Assignment: Return, word for word, only the lines of the data below that lie between the line with "rewrite U, V, W. reflexivity." and the line with "intros f_hom f_B x y.", those two lines included.

Records excerpted from a collection:
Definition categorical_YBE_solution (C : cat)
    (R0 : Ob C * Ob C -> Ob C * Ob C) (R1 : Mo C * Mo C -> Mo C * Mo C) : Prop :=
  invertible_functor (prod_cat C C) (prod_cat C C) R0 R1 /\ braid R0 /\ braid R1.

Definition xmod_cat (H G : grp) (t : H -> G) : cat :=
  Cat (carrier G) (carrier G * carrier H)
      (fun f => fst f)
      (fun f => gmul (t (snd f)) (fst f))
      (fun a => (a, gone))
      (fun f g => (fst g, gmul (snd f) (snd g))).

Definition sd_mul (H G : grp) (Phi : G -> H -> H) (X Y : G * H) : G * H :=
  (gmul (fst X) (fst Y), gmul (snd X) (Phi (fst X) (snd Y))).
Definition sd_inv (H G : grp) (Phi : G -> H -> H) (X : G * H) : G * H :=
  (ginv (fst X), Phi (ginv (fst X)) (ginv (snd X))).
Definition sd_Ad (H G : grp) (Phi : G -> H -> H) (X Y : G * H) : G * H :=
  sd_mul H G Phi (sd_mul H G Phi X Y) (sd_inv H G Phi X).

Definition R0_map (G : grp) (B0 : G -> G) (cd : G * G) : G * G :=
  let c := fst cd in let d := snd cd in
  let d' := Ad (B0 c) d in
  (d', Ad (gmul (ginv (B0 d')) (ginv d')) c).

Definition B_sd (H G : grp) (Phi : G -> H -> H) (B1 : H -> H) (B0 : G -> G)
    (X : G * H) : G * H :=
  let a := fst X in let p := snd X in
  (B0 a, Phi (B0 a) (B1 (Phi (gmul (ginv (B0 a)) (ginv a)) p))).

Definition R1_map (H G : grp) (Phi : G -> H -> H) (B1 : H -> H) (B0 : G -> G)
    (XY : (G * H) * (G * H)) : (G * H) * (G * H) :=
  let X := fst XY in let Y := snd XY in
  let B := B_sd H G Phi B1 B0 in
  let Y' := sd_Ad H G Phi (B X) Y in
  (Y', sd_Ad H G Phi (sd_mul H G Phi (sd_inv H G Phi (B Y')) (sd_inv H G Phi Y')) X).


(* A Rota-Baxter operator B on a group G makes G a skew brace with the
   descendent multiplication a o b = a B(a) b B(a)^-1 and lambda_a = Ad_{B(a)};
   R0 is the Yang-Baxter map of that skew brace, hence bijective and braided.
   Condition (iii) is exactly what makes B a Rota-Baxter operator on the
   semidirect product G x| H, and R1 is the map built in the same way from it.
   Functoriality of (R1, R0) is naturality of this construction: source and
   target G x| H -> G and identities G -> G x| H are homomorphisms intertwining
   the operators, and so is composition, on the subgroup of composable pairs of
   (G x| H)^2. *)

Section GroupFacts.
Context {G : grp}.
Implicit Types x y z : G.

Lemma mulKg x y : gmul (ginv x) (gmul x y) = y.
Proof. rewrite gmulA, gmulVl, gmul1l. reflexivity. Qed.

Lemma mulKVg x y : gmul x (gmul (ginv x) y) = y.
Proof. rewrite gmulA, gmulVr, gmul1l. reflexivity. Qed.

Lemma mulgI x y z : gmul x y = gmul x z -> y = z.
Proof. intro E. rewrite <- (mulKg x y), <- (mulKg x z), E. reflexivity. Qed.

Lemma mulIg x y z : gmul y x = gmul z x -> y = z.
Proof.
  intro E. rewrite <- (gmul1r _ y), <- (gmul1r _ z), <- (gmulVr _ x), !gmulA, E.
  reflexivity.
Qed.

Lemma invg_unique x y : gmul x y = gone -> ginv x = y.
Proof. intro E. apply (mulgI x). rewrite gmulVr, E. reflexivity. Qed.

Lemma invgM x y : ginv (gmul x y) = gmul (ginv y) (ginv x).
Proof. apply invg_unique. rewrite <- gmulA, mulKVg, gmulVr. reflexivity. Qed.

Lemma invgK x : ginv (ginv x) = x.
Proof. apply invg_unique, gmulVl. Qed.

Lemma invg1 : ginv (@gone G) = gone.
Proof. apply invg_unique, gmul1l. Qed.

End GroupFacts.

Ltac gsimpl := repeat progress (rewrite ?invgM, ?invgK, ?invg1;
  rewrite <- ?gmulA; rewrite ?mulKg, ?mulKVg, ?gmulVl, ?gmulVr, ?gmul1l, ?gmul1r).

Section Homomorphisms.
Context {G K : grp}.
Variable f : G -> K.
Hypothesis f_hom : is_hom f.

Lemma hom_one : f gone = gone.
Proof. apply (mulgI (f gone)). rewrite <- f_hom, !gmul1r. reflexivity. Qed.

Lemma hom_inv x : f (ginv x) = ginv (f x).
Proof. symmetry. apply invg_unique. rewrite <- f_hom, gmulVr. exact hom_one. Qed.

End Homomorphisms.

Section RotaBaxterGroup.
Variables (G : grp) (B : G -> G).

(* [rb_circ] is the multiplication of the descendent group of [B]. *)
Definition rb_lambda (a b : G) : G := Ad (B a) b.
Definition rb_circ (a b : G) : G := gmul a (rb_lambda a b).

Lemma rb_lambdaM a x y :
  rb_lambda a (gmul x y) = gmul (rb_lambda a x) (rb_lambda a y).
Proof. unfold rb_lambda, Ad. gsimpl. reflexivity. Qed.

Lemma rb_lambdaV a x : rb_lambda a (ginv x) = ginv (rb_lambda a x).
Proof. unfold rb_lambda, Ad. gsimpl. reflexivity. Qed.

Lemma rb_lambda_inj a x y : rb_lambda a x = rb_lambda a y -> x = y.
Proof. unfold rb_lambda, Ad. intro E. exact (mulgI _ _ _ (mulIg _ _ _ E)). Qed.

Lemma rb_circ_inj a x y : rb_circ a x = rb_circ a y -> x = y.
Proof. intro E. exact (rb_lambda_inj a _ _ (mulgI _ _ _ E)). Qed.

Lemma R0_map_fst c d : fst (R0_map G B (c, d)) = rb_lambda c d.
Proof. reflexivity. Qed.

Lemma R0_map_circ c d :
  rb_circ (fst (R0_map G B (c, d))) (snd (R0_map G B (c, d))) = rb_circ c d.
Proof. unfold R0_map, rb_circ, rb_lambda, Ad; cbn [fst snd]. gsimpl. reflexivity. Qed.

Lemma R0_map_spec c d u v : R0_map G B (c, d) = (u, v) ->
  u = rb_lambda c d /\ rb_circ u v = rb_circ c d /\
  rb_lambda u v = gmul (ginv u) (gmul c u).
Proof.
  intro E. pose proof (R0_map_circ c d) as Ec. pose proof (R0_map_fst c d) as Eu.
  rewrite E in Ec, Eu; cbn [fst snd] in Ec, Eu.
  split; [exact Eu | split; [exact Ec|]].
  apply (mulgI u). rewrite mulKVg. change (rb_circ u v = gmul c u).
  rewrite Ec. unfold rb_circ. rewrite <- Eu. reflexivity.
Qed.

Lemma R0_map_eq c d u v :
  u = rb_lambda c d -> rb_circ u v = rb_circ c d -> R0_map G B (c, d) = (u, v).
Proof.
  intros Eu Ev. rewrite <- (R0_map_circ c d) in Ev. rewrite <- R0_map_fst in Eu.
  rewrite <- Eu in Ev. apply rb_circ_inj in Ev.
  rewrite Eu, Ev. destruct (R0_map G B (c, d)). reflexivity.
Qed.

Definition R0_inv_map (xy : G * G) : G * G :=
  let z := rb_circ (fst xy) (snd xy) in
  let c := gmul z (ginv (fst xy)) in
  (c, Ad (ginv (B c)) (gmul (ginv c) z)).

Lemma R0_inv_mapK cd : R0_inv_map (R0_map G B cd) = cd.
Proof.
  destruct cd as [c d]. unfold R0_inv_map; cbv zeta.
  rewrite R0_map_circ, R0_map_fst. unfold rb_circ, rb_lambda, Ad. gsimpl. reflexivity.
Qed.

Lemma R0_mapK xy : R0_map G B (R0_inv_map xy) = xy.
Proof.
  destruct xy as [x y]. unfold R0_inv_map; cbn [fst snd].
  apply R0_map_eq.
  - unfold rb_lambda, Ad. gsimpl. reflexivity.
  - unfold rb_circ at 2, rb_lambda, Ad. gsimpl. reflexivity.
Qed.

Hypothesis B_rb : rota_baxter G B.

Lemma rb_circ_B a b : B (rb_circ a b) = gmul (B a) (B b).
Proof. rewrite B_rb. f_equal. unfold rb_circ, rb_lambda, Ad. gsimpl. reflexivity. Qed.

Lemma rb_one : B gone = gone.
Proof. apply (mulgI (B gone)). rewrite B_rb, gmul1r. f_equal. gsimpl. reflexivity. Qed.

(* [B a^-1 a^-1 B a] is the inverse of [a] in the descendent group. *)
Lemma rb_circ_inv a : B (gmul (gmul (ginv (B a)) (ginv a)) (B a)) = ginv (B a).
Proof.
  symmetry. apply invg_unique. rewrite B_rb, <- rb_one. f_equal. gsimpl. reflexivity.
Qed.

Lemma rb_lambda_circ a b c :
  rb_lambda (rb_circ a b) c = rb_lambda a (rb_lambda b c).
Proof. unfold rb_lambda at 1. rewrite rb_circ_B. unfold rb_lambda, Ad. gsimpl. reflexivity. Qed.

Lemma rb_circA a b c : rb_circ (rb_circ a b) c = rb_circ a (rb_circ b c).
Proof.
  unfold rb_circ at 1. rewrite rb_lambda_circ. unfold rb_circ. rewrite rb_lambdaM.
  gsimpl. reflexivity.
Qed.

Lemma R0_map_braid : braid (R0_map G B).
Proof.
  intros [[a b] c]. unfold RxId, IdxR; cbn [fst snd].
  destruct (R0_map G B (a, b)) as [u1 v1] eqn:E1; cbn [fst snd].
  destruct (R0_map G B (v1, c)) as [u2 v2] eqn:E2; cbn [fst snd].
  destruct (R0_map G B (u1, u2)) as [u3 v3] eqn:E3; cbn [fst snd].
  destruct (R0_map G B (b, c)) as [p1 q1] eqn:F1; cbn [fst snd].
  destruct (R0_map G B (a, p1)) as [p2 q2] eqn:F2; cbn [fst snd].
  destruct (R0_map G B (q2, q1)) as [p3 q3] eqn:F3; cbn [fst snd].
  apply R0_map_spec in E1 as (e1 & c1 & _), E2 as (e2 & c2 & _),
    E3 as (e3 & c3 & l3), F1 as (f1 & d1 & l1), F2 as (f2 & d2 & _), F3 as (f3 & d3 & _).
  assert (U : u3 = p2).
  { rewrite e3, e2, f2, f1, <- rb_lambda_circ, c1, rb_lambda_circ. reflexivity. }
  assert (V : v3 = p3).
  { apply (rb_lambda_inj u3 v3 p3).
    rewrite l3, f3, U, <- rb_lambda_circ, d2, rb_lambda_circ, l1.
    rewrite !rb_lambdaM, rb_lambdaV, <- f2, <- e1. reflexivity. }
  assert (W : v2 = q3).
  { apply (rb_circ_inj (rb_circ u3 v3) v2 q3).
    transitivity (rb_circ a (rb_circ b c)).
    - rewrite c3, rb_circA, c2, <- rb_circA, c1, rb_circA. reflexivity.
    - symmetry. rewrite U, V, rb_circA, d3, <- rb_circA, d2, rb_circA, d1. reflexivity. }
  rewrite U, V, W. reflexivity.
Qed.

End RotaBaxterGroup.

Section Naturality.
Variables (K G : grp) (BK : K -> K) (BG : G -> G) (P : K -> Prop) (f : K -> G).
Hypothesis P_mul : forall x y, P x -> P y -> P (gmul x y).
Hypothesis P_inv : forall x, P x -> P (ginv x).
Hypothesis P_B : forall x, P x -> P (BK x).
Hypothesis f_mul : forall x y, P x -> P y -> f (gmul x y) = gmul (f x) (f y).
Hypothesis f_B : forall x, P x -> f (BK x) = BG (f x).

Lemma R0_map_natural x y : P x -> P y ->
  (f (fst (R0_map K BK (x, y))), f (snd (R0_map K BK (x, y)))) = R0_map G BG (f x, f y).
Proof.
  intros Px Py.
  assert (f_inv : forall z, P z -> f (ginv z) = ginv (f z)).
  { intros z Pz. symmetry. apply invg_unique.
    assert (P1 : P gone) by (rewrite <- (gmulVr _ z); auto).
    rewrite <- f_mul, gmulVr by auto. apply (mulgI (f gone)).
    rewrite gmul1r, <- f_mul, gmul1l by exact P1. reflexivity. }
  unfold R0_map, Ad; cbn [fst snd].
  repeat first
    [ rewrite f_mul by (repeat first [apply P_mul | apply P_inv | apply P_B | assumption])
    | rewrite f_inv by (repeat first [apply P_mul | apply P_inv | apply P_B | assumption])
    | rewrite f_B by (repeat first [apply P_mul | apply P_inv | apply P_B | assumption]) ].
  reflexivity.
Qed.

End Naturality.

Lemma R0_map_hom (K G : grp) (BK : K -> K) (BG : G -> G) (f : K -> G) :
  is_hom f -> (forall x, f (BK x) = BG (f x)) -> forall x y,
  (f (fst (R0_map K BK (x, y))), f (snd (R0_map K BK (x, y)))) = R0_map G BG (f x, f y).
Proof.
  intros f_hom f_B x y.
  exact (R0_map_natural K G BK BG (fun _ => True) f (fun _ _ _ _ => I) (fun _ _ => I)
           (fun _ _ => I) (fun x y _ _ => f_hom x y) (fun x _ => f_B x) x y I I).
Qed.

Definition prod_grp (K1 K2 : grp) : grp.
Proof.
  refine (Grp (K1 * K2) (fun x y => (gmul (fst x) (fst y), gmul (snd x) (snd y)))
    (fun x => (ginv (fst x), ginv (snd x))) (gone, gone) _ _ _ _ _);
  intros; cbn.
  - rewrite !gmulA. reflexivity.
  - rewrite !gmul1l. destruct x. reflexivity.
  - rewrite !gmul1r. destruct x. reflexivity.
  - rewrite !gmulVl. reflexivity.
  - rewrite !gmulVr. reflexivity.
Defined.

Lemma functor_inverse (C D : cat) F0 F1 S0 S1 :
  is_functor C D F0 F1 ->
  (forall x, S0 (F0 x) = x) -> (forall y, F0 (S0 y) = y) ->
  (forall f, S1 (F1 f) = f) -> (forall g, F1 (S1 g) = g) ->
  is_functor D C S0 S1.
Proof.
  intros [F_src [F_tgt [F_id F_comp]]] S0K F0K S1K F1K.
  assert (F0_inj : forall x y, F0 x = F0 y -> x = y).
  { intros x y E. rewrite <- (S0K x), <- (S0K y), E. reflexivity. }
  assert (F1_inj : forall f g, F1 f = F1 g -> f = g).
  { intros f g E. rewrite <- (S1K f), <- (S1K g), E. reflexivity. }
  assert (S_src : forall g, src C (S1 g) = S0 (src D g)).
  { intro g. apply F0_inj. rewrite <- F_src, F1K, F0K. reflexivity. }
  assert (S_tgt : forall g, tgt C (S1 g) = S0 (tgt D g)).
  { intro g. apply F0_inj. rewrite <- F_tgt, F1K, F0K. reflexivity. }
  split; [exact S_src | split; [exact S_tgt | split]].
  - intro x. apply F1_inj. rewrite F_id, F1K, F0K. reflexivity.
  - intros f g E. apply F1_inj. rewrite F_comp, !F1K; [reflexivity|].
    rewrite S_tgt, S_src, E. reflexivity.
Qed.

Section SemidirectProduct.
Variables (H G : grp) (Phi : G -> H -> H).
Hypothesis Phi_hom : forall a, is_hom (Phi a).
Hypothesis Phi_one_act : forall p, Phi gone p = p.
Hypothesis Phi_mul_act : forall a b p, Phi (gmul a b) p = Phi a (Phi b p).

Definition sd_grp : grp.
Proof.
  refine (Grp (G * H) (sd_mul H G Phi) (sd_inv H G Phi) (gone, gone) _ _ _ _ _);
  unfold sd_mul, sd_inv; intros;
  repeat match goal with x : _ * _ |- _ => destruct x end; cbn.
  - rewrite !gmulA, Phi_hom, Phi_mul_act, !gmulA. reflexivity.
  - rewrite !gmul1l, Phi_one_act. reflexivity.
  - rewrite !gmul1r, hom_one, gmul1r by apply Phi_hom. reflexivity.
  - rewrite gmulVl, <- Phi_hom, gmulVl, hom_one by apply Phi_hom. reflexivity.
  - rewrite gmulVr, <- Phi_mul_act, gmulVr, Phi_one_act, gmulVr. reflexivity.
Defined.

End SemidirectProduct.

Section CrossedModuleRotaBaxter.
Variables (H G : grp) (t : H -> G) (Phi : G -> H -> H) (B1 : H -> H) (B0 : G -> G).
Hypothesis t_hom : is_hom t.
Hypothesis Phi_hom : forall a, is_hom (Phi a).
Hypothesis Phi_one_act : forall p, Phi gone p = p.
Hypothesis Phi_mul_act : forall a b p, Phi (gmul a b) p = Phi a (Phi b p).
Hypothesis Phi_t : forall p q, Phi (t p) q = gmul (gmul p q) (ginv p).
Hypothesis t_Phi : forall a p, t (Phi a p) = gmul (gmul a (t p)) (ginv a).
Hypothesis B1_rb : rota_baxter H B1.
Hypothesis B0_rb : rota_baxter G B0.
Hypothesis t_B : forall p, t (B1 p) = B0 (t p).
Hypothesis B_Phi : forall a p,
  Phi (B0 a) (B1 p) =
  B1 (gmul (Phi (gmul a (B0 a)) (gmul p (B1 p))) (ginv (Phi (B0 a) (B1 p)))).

Task result:
  rewrite U, V, W. reflexivity.
Qed.

End RotaBaxterGroup.

Section Naturality.
Variables (K G : grp) (BK : K -> K) (BG : G -> G) (P : K -> Prop) (f : K -> G).
Hypothesis P_mul : forall x y, P x -> P y -> P (gmul x y).
Hypothesis P_inv : forall x, P x -> P (ginv x).
Hypothesis P_B : forall x, P x -> P (BK x).
Hypothesis f_mul : forall x y, P x -> P y -> f (gmul x y) = gmul (f x) (f y).
Hypothesis f_B : forall x, P x -> f (BK x) = BG (f x).

Lemma R0_map_natural x y : P x -> P y ->
  (f (fst (R0_map K BK (x, y))), f (snd (R0_map K BK (x, y)))) = R0_map G BG (f x, f y).
Proof.
  intros Px Py.
  assert (f_inv : forall z, P z -> f (ginv z) = ginv (f z)).
  { intros z Pz. symmetry. apply invg_unique.
    assert (P1 : P gone) by (rewrite <- (gmulVr _ z); auto).
    rewrite <- f_mul, gmulVr by auto. apply (mulgI (f gone)).
    rewrite gmul1r, <- f_mul, gmul1l by exact P1. reflexivity. }
  unfold R0_map, Ad; cbn [fst snd].
  repeat first
    [ rewrite f_mul by (repeat first [apply P_mul | apply P_inv | apply P_B | assumption])
    | rewrite f_inv by (repeat first [apply P_mul | apply P_inv | apply P_B | assumption])
    | rewrite f_B by (repeat first [apply P_mul | apply P_inv | apply P_B | assumption]) ].
  reflexivity.
Qed.

End Naturality.

Lemma R0_map_hom (K G : grp) (BK : K -> K) (BG : G -> G) (f : K -> G) :
  is_hom f -> (forall x, f (BK x) = BG (f x)) -> forall x y,
  (f (fst (R0_map K BK (x, y))), f (snd (R0_map K BK (x, y)))) = R0_map G BG (f x, f y).
Proof.
  intros f_hom f_B x y.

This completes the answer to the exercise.